During her master's programme in genetics from 2005 to 2008, Sarah Hird dreaded going into the lab. She was studying subspecies of red-tailed chipmunks and had become discouraged and frustrated by the uncertainties of molecular-biology experiments. She spent six weeks trying to amplify repetitive sequences in chipmunk DNA as part of an experiment to identify genetic differences between populations — but to no avail. Hird tried replacing reagents, switching to a different machine for running the polymerase chain reaction and decontaminating the sample-preparation area. Nothing worked. And then, for reasons that she never quite deciphered, the technique suddenly started working again.

Credit: IMAGES.COM/CORBIS

By the end of her master's, Hird had come to dislike working in a wet lab, and she decided not to apply for PhD programmes.

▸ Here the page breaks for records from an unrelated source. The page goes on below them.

Lemma cps_mocc_mutual :
  (forall t rho kappa kappa', (forall n, mocc n t = true -> kappa n = kappa' n) ->
     cps rho kappa t = cps rho kappa' t) /\
  (forall c rho kappa kappa', (forall n, mocc_c n c = true -> kappa n = kappa' n) ->
     cpsc rho kappa c = cpsc rho kappa' c).
Proof.
  apply tm_cmd_ind; intros; cbn in *; try reflexivity.
  - f_equal; f_equal; f_equal; apply H; intros; f_equal; auto.
  - rewrite (H rho kappa kappa'), (H0 rho kappa kappa'); auto;
      intros n Hn; apply H1; rewrite Hn; auto using Bool.orb_true_r.
  - f_equal; apply H; intros [|n] Hn; cbn; auto.
  - f_equal; f_equal; apply H; intros; f_equal; auto.
  - rewrite (H (fun n => S (S (rho n))) (fun n => S (S (kappa n)))
               (fun n => S (S (kappa' n)))),
      (H0 (fun n => S (S (S (S (rho n))))) (fun n => S (S (S (S (kappa n)))))
          (fun n => S (S (S (S (kappa' n)))))),
      (H1 (fun n => S (rho n)) (fun n => S (kappa n)) (fun n => S (kappa' n)));
      auto; intros n Hn; rewrite (H2 n); auto; rewrite Hn, ?Bool.orb_true_r; reflexivity.
  - f_equal.
    + apply H; intros n Hn; apply H0; rewrite Hn; apply Bool.orb_true_r.
    + f_equal; apply H0; rewrite Nat.eqb_refl; reflexivity.
Qed.

Lemma cps_is_lam t rho kappa : exists B, cps rho kappa t = tlam B.
Proof. destruct t; cbn; eexists; reflexivity. Qed.

(** The translation of an application, successor or recursor passes to the
   translation of its (principal) argument a continuation built from the
   current continuation k (T-variable 1 in the frame's body, 0 outside): *)

(* lambda l. l b k, the frame for [] b *)
Definition frame_app (b : ttm) : ttm :=
  tlam (tapp (tapp (tvar 0) (tren (fun n => S (S n)) b)) (tvar 1)).
(* lambda l. k (S l), the frame for S [] *)
Definition frame_succ : ttm := tlam (tapp (tvar 1) (tsucc (tvar 0))).
(* lambda l. nrec r^* s' l k, the frame for nrec r s [] *)
Definition frame_nrec rho kappa r s : ttm :=
  tlam (tapp (tnrec (cps (fun n => S (S (rho n))) (fun n => S (S (kappa n))) r)
                    (tlam (tlam
                       (circ (circ (cps (fun n => S (S (S (S (rho n)))))
                                        (fun n => S (S (S (S (kappa n))))) s)
                                   (bar (tvar 1)))
                             (tvar 0))))
                    (tvar 0))
             (tvar 1)).
Arguments frame_app : simpl never.
Arguments frame_succ : simpl never.
Arguments frame_nrec : simpl never.

Lemma cps_app rho kappa t r :
  cps rho kappa (app t r) = circ (cps rho kappa t) (cps rho kappa r).
Proof. reflexivity. Qed.
Lemma circ_frame a b : circ a b = tlam (tapp (tren S a) (frame_app b)).
Proof. reflexivity. Qed.
Lemma cps_succ rho kappa t : cps rho kappa (succ t) =
  tlam (tapp (cps (fun n => S (rho n)) (fun n => S (kappa n)) t) frame_succ).
Proof. reflexivity. Qed.
Lemma cps_nrec rho kappa r s t : cps rho kappa (nrec r s t) =
  tlam (tapp (cps (fun n => S (rho n)) (fun n => S (kappa n)) t)
             (frame_nrec rho kappa r s)).
Proof. reflexivity. Qed.

Lemma frame_app_tsubst s b : tsubst (tups s) (frame_app b) = frame_app (tsubst s b).
Proof.
  unfold frame_app; cbn. f_equal; f_equal; f_equal.
  rewrite tsubst_tren, tren_tsubst. f_equal.
  extensionality n; cbn. rewrite tren_tren; reflexivity.
Qed.

Lemma frame_nrec_vsub s rho kappa f g r t :
  (forall x, s (rho x) = tvar (f x)) -> (forall a, s (kappa a) = tvar (g a)) ->
  tsubst (tups s) (frame_nrec rho kappa r t) = frame_nrec f g r t.
Proof.
  intros Hrho Hkappa. unfold frame_nrec. cbn. rewrite !circ_tsubst, bar_tsubst.
  rewrite (cps_vsub r _ _ _ (fun n => S (S (f n))) (fun n => S (S (g n))))
    by env_shift.
  rewrite (cps_vsub t _ _ _ (fun n => S (S (S (S (f n)))))
             (fun n => S (S (S (S (g n)))))) by env_shift.
  reflexivity.
Qed.

Lemma frame_nrec_ren rho kappa f g r s :
  frame_nrec rho kappa (ren f g r) (ren f g s)
  = frame_nrec (fun n => rho (f n)) (fun n => kappa (g n)) r s.
Proof. unfold frame_nrec. rewrite !cps_ren. reflexivity. Qed.

(** * 3. Evaluation contexts and structural substitution *)

(* ctx_cont rho kappa E K is the continuation E^*(K) obtained by stacking the
   frames of E, innermost last, on top of the continuation K. *)
Fixpoint ctx_cont rho kappa (E : ectx) (K : ttm) : ttm :=
  match E with
  | hole => K
  | capp E t => ctx_cont rho kappa E (tsubst (scons K tvar) (frame_app (cps rho kappa t)))
  | csucc E => ctx_cont rho kappa E (tsubst (scons K tvar) frame_succ)
  | cnrec r s E => ctx_cont rho kappa E (tsubst (scons K tvar) (frame_nrec rho kappa r s))
  end.

Lemma ctx_cont_vsub E : forall sg rho kappa f g K,
  (forall x, sg (rho x) = tvar (f x)) -> (forall a, sg (kappa a) = tvar (g a)) ->
  tsubst sg (ctx_cont rho kappa E K) = ctx_cont f g E (tsubst sg K).
Proof.
  induction E; intros; cbn; auto; rewrite (IHE sg rho kappa f g); auto; f_equal;
    rewrite tsubst_beta_comm; f_equal.
  - rewrite frame_app_tsubst. f_equal. apply cps_vsub; auto.
  - apply frame_nrec_vsub; auto.
Qed.

Lemma ctx_cont_tren h E rho kappa K :
  tren h (ctx_cont rho kappa E K)
  = ctx_cont (fun n => h (rho n)) (fun n => h (kappa n)) E (tren h K).
Proof. rewrite !tren_as_tsubst. apply ctx_cont_vsub; reflexivity. Qed.

Lemma ctx_cont_renE E : forall rho kappa f g K,
  ctx_cont rho kappa (renE f g E) K
  = ctx_cont (fun n => rho (f n)) (fun n => kappa (g n)) E K.
Proof.
  induction E; intros; cbn; auto; rewrite IHE; f_equal.
  - rewrite cps_ren; reflexivity.
  - rewrite frame_nrec_ren; reflexivity.
Qed.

About six months after finishing her master's degree, while working as a part-time technician at Louisiana State University in Baton Rouge, she discovered a better direction. The lab's principal investigator had suggested that she learn a computer-programming language so that she could help with a simulation project. Hird, who had never programmed before, taught herself the language using a book and online tutorials, and quickly became engrossed. “Once I started, it was like an addiction,” she says. She enjoyed developing algorithms, and she found the software-debugging process less frustrating than troubleshooting wet-lab problems. The work felt more under her control.

Hird decided to stay in science, but to focus on dry-lab research — which generally entails writing software and developing models to analyse or explain data. After gaining admission to Louisiana State University's PhD programme in evolutionary biology, Hird developed software programs to manipulate sequence data for her dissertation. To boost her computer-programming skills, she took an undergraduate computer-science course and enrolled in a summer software-development programme. This year, she started a postdoc on computational analysis of bacterial sequences at the University of California, Davis.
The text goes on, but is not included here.